What you have to do: How does the data below read from its first line through the line containing "of $(x-c)\psi'(x)-\psi(x)=0$. *)"? Print those lines exactly.

Extracted information:
(* Let $b>0$, let $x_0$ be as in the context and $\bar x:=\frac{a+\rho c}{\rho+b}$. Then $\bar x<x_0$.
   Context: Constants: $a\in\mathbb{R}$, $b>0$, $\sigma>0$, $\rho>0$, $c>0$. $\psi(x)=e^{\frac{(bx-a)^2}{2\sigma^2 b}}D_{-\rho/b}\big(-\frac{bx-a}{\sigma b}\sqrt{2b}\big)$ with $D_\beta(x)=\frac{e^{-x^2/4}}{\Gamma(-\beta)}\int_0^\infty t^{-\beta-1}e^{-t^2/2-xt}dt$ ($\beta<0$); $\psi$ is the positive, strictly increasing, strictly convex fundamental solution of $\frac12\sigma^2u''+(a-bx)u'-\rho u=0$. $x_0$ is the unique solution on $(c,\infty)$ of $(x-c)\psi'(x)-\psi(x)=0$. *)

From Stdlib Require Import Reals.
From Coquelicot Require Import Coquelicot.
Open Scope R_scope.

Definition Gamma_fun (s : R) : R :=
  RInt_gen (fun t => Rpower t (s - 1) * exp (- t))
           (at_right 0) (Rbar_locally p_infty).

(* Parabolic cylinder function, integral representation valid for beta < 0:
   D_beta(x) = e^{-x^2/4}/Gamma(-beta) * int_0^oo t^{-beta-1} e^{-t^2/2 - x t} dt. *)
Definition Dpc (beta x : R) : R :=
  exp (- x ^ 2 / 4) / Gamma_fun (- beta) *
  RInt_gen (fun t => Rpower t (- beta - 1) * exp (- t ^ 2 / 2 - x * t))
           (at_right 0) (Rbar_locally p_infty).

Definition psi (a b sigma rho : R) (x : R) : R :=
  exp ((b * x - a) ^ 2 / (2 * sigma ^ 2 * b)) *
  Dpc (- rho / b) (- (b * x - a) / (sigma * b) * sqrt (2 * b)).

Definition x0_eq (a b sigma rho c x : R) : Prop :=
  (x - c) * Derive (psi a b sigma rho) x - psi a b sigma rho x = 0.

From Stdlib Require Import Reals Lra.
From Coquelicot Require Import Coquelicot.
Open Scope R_scope.

(* Let J p z be the integral of t^p exp (- t^2/2 - z t) over (0, +oo). The integral
   representation of D_beta gives psi x = J (rho/b - 1) (z x) / Gamma (rho/b) with
   z x = - (b x - a) sqrt (2 b) / (sigma b), and differentiating under the integral sign
   psi' x = (sqrt (2 b) / sigma) J (rho/b) (z x) / Gamma (rho/b).  Integration by parts gives
   p J (p - 1) z = z J p z + J (p + 1) z.  For p = rho/b the equation defining x0 reads
   J (p - 1) z0 = k J p z0 with k = (x0 - c) sqrt (2 b) / sigma, hence
   J (p + 1) z0 = (p k - z0) J p z0.  All J being positive, p k - z0 > 0, and
   p k - z0 = sqrt (2 b) / (sigma b) * ((rho + b) x0 - (a + rho c)). *)

Definition is_interval (D : R -> Prop) :=
  forall x y z, D x -> D y -> x <= z <= y -> D z.

Lemma is_interval_segment D x y z :
  is_interval D -> D x -> D y -> Rmin x y <= z <= Rmax x y -> D z.
Proof.
  intros HD Hx Hy Hz.
  destruct (Rle_dec x y) as [Hxy|Hxy].
  - rewrite Rmin_left, Rmax_right in Hz by lra. exact (HD x y z Hx Hy Hz).
  - rewrite Rmin_right, Rmax_left in Hz by lra. exact (HD y x z Hy Hx Hz).
Qed.

Lemma filter_prod_segment (Fa Fb : (R -> Prop) -> Prop) (D P : R -> Prop) :
  is_interval D -> Fa D -> Fb D -> (forall x, D x -> P x) ->
  filter_prod Fa Fb
    (fun ab => forall x, Rmin (fst ab) (snd ab) <= x <= Rmax (fst ab) (snd ab) -> P x).
Proof.
  intros HD Ha Hb HP. exists D D; auto.
  intros a b Da Db x Hx. apply HP, (is_interval_segment D a b); auto.
Qed.

Lemma ex_RInt_interval (f : R -> R) D a b :
  is_interval D -> (forall x, D x -> continuous f x) -> D a -> D b -> ex_RInt f a b.
Proof.
  intros HD Hf Ha Hb. apply (ex_RInt_continuous (V := R_CompleteNormedModule)).
  intros z Hz. apply Hf, (is_interval_segment D a b); auto.
Qed.

Lemma RInt_Chasles_R (f : R -> R) a b c :
  ex_RInt f a b -> ex_RInt f b c -> RInt f a b + RInt f b c = RInt f a c.
Proof. exact (RInt_Chasles f a b c). Qed.

Section Domination.

Variables (f g : R -> R) (D : R -> Prop).
Hypothesis D_interval : is_interval D.
Hypothesis f_cont : forall x, D x -> continuous f x.
Hypothesis g_cont : forall x, D x -> continuous g x.
Hypothesis f_le_g : forall x, D x -> Rabs (f x) <= g x.

Lemma RInt_abs_le a b : D a -> D b -> Rabs (RInt f a b) <= Rabs (RInt g a b).
Proof.
  assert (Hle : forall a b, a <= b -> D a -> D b -> Rabs (RInt f a b) <= Rabs (RInt g a b)).
  { intros x y Hxy Hx Hy. apply Rle_trans with (2 := Rle_abs _).
    apply (norm_RInt_le f g x y); auto.
    - intros z Hz. apply f_le_g, (D_interval x y z); auto.
    - apply (RInt_correct (V := R_CompleteNormedModule)), (ex_RInt_interval _ D); auto.
    - apply (RInt_correct (V := R_CompleteNormedModule)), (ex_RInt_interval _ D); auto. }
  intros Ha Hb. destruct (Rle_dec a b) as [Hab|Hab]; [now apply Hle|].
  rewrite <- (opp_RInt_swap f), <- (opp_RInt_swap g)
    by (apply (ex_RInt_interval _ D); auto).
  unfold opp; simpl. rewrite !Rabs_Ropp. apply Hle; auto; lra.
Qed.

Completed task:
(* Let $b>0$, let $x_0$ be as in the context and $\bar x:=\frac{a+\rho c}{\rho+b}$. Then $\bar x<x_0$.
   Context: Constants: $a\in\mathbb{R}$, $b>0$, $\sigma>0$, $\rho>0$, $c>0$. $\psi(x)=e^{\frac{(bx-a)^2}{2\sigma^2 b}}D_{-\rho/b}\big(-\frac{bx-a}{\sigma b}\sqrt{2b}\big)$ with $D_\beta(x)=\frac{e^{-x^2/4}}{\Gamma(-\beta)}\int_0^\infty t^{-\beta-1}e^{-t^2/2-xt}dt$ ($\beta<0$); $\psi$ is the positive, strictly increasing, strictly convex fundamental solution of $\frac12\sigma^2u''+(a-bx)u'-\rho u=0$. $x_0$ is the unique solution on $(c,\infty)$ of $(x-c)\psi'(x)-\psi(x)=0$. *)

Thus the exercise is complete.